NOTICE OF ANNUAL MEETING OF SHAREHOLDERS -- NOVEMBER 19, 1998
The undersigned hereby appoints as proxies KEITH A. WELLER and STEPHANIE
HEMPHILL-JOHNSON and each of them (with power of substitution) to vote for the
undersigned all shares of common stock of the undersigned at the aforesaid
meeting and any adjournment thereof with all the power the undersigned would
have if personally present. The shares represented by this proxy will be voted
as instructed.

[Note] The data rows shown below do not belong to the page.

Lemma gen_gpowS n m k : N n -> M m ->
  [gen (gpow n (S k)) m] ~
  [gen n (commg (gpow n k) m)] ++ [gen (gpow n k) m] ++ [gen n m].
Proof.
  intros Hn Hm. simpl.
  rewrite (hA n (gpow n k)), gen_mull, (conj_fix (gpow n k) n) by auto with grp.
  replace (conj (gpow n k) m) with (gmul (commg (gpow n k) m) m)
    by (unfold commg; group_eq).
  rewrite gen_mulr, <- app_assoc, <- gen_commute_gen by auto with grp. reflexivity.
Qed.

Lemma gen_gpowl n m k : N n -> M m ->
  [gen (gpow n k) m] ~ [gen n (gpow (commg n m) (choose2 k))] ++ wpow [gen n m] k.
Proof.
  intros Hn Hm. induction k as [|k IH].
  - simpl. rewrite gen1l, gen1r by auto with grp. reflexivity.
  - rewrite gen_gpowS, IH, commg_gpowl, <- !app_assoc, (app_assoc [gen n _]), gen_catr,
      <- gpowD, <- wpowSr by auto with grp.
    reflexivity.
Qed.

Section Exponent.
Variable e : nat.
Hypothesis he : kills N e.

Lemma wpow_wcommg_exp a b : good N M a -> good N M b -> wpow (wcommg b a) e ~ [].
Proof.
  intros Ha Hb. apply (tens_eq_cancel_l (wpow a e ++ b)).
  rewrite app_nil_r, <- app_assoc, <- cat_wpow_swap by assumption.
  symmetry. apply central_of_wcomm1; auto with grp.
  rewrite wcomm_wpow. apply he, wcomm_inN; assumption.
Qed.

Lemma gen_gpow_commg_trivial n m k : N n -> M m -> Nat.divide e k ->
  [gen n (gpow (commg n m) k)] ~ [].
Proof.
  intros Hn Hm [q ->]. rewrite Nat.mul_comm, gpowM, he, gpow1n by auto with grp.
  apply gen1r; assumption.
Qed.

Lemma gen_wpow_exp n m : N n -> M m ->
  [gen n (gpow (commg n m) (choose2 e))] ++ wpow [gen n m] e ~ [].
Proof. intros Hn Hm. rewrite <- gen_gpowl, he by assumption. apply gen1l; assumption. Qed.

Lemma gen_wpow_odd n m : N n -> M m -> Nat.Odd e -> wpow [gen n m] e ~ [].
Proof.
  intros Hn Hm He.
  transitivity ([gen n (gpow (commg n m) (choose2 e))] ++ wpow [gen n m] e).
  - rewrite gen_gpow_commg_trivial by auto using dvd_choose2_odd. reflexivity.
  - apply gen_wpow_exp; assumption.
Qed.

(* n ⊗ [n,m]^(e choose 2) is the inverse of (n ⊗ m)^e and squares to 1. *)
Lemma gen_wpow_double n m : N n -> M m -> wpow [gen n m] (2 * e) ~ [].
Proof.
  intros Hn Hm.
  set (P := [gen n (gpow (commg n m) (choose2 e))]).
  set (W := wpow [gen n m] e).
  assert (HPW : P ++ W ~ []) by (apply gen_wpow_exp; assumption).
  assert (HPP : P ++ P ~ []).
  { unfold P. rewrite gen_catr, <- gpowD by auto with grp.
    apply gen_gpow_commg_trivial; auto using dvd_double_choose2. }
  replace (2 * e) with (e + e) by lia. rewrite wpowD. fold W.
  transitivity ((P ++ P) ++ W ++ W); [rewrite HPP; reflexivity|].
  rewrite <- app_assoc, (app_assoc P W), HPW. exact HPW.
Qed.

Lemma tensor_exp_dvd_of_gens E :
  (forall n m, N n -> M m -> wpow [gen n m] E ~ []) ->
  Nat.divide e (choose2 E) -> tensor_exp_dvd N M E.
Proof.
  intros Hgen [q Hq] w Hw. induction Hw as [|l w [Hl1 Hl2] Hw IH].
  - rewrite wpow_nil. reflexivity.
  - change (l :: w) with ([l] ++ w).
    assert (Hl : good N M [l]) by (repeat constructor; assumption).
    rewrite wpow_cat, IH, Hq, (Nat.mul_comm q e), wpowM, wpow_wcommg_exp, wpow_nil,
      !app_nil_r by assumption.
    destruct l as [[|] [n m]]; simpl in Hl1, Hl2.
    + apply Hgen; assumption.
    + transitivity (wpow (winv [gen n m]) E ++ wpow [gen n m] E).
      * rewrite Hgen, app_nil_r by assumption. reflexivity.
      * apply wpow_winv_cat.
Qed.

End Exponent.
End AbelianN.
End NormalSubgroups.
End TensorProduct.

Theorem lemma4p2 (G : group) (N M : G -> Prop) (e : nat) :
  normal N -> normal M -> abelian N -> exponent N e ->
  (Nat.Odd e -> tensor_exp_dvd N M e) /\
  (Nat.Even e -> tensor_exp_dvd N M (2 * e)).
Proof.
  intros hN hM hA [_ [he _]]. split; [intro Hodd | intros _].
  - apply (tensor_exp_dvd_of_gens N M hN hM hA e he).
    + intros n m Hn Hm. apply gen_wpow_odd; assumption.
    + apply dvd_choose2_odd, Hodd.
  - apply (tensor_exp_dvd_of_gens N M hN hM hA e he).
    + intros n m Hn Hm. apply gen_wpow_double; assumption.
    + apply dvd_choose2_double.
Qed.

UNLESS INDICATED TO THE CONTRARY, THIS PROXY SHALL BE DEEMED TO
GRANT AUTHORITY TO VOTE 'FOR' ALL PROPOSALS. THIS PROXY IS SOLICITED ON BEHALF
OF THE BOARD OF DIRECTORS OF GLOBAL SMALL CAP FUND INC.
YOUR VOTE IS IMPORTANT
Please date and sign this proxy on the reverse side and return it in the
enclosed envelope to: PFPC Inc., P.O. Box 9426, Wilmington, DE 19809-9938. PFPC
Inc. has been engaged to forward the enclosed proxy material and to tabulate
proxies by mail.
PLEASE INDICATE YOUR VOTE BY AN 'X' IN THE APPROPRIATE BOX BELOW.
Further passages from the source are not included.